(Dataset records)
====

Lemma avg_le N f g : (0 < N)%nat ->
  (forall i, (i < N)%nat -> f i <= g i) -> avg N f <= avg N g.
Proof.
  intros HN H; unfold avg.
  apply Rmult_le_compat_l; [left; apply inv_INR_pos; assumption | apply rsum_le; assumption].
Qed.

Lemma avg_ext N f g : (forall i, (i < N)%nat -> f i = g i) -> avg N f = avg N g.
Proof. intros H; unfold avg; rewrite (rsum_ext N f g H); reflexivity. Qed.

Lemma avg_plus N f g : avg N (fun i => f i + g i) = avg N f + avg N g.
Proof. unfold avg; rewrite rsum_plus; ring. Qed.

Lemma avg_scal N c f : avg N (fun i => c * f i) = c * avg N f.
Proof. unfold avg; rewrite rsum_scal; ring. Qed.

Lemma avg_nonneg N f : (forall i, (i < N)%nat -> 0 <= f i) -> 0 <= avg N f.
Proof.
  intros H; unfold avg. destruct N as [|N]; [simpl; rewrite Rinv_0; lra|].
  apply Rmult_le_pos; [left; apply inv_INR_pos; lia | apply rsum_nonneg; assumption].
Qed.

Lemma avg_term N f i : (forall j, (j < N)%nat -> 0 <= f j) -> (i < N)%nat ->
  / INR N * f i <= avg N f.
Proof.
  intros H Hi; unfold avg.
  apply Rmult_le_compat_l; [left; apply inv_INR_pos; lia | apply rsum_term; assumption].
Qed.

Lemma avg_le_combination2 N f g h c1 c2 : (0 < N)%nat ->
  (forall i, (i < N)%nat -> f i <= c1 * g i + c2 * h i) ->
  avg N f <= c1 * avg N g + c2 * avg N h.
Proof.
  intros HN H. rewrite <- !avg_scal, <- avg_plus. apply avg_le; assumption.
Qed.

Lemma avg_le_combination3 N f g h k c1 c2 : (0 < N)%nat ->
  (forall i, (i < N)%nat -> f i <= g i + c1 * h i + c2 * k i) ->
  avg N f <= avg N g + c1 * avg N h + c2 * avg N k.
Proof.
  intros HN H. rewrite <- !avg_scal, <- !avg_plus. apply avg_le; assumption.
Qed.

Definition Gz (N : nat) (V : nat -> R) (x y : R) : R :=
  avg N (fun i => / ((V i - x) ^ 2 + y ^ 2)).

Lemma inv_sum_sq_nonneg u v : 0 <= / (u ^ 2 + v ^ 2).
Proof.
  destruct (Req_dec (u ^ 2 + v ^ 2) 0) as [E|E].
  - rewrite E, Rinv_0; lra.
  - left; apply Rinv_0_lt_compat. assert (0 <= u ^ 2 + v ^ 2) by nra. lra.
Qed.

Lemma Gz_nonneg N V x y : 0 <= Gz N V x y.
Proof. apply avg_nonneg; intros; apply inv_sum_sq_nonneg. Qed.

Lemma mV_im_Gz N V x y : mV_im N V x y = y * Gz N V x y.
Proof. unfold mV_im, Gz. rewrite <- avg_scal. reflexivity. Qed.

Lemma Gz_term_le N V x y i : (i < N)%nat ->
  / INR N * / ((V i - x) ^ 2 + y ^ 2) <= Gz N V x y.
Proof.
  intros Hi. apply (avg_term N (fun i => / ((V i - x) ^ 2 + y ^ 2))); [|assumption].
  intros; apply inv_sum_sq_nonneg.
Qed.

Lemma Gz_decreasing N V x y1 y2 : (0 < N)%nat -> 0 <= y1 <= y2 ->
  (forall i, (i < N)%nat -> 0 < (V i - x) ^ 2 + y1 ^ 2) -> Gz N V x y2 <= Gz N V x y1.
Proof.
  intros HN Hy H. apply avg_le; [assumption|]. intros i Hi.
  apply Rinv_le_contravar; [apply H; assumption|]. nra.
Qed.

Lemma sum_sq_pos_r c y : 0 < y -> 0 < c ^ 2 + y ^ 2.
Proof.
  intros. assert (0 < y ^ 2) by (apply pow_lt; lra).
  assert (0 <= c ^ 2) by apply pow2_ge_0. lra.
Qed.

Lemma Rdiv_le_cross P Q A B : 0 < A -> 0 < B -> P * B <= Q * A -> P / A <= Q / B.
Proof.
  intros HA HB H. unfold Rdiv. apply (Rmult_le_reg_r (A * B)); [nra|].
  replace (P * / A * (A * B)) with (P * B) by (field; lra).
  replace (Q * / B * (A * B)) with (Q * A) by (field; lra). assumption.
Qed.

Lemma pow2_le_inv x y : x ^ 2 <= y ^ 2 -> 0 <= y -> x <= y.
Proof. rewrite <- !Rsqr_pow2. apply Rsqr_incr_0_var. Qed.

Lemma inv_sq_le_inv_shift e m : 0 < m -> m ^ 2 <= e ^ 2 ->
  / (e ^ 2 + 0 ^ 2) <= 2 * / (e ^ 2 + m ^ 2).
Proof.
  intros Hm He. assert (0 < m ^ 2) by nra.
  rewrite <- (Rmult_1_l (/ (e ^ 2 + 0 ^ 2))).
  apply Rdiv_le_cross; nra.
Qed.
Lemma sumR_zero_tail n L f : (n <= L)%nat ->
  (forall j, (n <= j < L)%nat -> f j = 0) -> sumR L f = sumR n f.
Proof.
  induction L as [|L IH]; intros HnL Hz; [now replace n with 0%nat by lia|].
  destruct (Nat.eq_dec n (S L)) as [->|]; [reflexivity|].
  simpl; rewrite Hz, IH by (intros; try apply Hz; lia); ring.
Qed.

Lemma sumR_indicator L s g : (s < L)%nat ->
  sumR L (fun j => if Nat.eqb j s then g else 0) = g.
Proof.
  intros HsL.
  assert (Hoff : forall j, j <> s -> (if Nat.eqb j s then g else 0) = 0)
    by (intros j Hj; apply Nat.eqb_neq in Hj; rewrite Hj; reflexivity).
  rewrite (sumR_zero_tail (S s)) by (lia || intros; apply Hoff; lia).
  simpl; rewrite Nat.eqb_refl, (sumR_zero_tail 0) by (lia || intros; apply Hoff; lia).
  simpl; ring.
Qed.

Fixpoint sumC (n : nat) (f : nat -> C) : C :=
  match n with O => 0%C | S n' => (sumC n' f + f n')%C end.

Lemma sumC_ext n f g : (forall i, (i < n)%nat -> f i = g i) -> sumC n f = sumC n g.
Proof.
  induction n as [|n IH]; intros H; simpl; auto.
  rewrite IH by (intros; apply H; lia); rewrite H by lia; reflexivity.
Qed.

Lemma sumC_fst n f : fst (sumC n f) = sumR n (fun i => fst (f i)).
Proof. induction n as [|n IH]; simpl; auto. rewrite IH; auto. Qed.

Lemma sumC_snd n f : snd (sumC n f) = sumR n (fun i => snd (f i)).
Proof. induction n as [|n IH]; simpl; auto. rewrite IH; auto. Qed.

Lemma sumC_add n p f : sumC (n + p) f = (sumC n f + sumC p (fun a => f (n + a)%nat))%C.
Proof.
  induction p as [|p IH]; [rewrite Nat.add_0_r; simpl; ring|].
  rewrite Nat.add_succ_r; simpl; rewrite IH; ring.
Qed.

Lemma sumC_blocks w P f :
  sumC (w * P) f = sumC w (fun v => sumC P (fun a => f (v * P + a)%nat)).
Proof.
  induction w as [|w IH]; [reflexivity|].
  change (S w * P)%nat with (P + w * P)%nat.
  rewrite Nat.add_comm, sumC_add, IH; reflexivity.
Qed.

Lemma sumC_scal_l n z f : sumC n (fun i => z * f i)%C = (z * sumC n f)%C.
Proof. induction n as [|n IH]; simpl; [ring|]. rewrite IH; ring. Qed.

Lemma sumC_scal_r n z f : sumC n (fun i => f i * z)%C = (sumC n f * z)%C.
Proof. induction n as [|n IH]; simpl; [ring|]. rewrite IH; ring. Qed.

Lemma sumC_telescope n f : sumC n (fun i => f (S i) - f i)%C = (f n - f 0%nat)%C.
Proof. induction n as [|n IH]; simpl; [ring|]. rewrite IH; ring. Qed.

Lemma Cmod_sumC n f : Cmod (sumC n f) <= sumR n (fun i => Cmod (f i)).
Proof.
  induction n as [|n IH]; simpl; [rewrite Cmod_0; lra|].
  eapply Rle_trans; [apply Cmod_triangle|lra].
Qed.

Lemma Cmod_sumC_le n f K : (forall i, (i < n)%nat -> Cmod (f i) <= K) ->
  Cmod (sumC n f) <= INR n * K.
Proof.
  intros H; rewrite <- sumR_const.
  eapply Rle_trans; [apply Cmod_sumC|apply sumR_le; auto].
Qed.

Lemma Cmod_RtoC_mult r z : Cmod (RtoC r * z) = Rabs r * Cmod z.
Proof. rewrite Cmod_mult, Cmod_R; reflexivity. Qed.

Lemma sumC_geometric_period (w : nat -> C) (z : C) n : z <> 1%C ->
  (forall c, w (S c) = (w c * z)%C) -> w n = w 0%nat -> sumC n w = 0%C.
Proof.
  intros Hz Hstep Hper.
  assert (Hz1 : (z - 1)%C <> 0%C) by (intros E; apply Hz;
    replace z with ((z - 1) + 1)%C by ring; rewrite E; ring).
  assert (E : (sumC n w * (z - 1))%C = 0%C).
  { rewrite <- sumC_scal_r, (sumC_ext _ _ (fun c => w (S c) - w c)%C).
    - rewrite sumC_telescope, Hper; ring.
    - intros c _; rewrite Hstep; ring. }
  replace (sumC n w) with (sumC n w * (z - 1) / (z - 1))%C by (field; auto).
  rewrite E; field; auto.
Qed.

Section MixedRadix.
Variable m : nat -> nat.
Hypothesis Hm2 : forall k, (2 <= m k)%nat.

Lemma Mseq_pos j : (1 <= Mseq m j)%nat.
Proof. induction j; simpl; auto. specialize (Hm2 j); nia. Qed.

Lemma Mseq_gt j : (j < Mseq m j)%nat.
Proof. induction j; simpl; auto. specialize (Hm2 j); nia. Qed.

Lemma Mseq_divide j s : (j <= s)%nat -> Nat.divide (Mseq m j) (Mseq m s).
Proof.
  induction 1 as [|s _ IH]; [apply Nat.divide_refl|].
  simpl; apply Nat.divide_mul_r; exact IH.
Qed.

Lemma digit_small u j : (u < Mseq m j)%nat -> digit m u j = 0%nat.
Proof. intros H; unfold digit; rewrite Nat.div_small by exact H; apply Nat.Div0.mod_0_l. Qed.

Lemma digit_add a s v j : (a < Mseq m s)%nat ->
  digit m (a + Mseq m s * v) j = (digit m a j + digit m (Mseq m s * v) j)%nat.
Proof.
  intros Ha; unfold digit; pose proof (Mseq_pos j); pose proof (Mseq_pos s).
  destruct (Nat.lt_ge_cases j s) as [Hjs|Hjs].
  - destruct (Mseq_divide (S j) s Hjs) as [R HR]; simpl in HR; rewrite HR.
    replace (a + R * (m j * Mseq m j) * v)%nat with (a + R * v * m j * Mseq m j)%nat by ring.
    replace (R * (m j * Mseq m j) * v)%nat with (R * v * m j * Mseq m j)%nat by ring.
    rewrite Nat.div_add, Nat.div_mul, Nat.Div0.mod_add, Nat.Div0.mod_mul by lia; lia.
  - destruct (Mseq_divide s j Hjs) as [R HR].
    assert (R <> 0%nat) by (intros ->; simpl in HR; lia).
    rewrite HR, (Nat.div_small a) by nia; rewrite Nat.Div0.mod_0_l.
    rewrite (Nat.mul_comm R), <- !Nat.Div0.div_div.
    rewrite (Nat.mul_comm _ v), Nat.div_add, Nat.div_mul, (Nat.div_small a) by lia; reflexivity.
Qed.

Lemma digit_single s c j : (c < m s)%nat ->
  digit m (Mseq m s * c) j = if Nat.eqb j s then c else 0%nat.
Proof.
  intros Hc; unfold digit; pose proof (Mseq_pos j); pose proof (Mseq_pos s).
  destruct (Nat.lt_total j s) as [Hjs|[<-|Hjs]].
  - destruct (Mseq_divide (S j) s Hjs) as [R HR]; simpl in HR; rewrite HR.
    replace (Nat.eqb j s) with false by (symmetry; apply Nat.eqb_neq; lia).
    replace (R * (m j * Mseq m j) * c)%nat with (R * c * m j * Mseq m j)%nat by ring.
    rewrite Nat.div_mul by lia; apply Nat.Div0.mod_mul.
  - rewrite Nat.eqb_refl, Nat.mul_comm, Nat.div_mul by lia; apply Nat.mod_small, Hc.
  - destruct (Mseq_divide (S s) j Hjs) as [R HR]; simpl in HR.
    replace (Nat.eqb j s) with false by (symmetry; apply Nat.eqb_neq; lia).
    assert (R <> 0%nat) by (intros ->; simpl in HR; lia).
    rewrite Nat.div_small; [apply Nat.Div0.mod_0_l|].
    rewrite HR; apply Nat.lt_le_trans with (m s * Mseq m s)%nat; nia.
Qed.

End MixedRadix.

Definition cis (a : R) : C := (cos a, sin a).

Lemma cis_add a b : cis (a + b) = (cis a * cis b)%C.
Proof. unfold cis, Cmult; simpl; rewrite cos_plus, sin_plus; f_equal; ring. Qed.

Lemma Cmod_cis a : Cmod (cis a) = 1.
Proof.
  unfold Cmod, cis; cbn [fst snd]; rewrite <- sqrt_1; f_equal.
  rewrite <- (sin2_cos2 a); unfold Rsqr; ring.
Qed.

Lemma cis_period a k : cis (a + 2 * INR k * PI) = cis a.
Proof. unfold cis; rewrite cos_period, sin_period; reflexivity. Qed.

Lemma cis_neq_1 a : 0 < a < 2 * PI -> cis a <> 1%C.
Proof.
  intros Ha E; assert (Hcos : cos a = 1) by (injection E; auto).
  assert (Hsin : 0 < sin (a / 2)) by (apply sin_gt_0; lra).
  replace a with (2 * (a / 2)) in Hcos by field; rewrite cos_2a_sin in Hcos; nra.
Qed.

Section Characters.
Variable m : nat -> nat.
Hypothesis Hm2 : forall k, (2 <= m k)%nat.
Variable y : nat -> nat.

====

- **EXERCISE INSTRUCTIONS**:
The answer should be one number: how many lines of the data above contain "field".

- **SOLUTION**:
5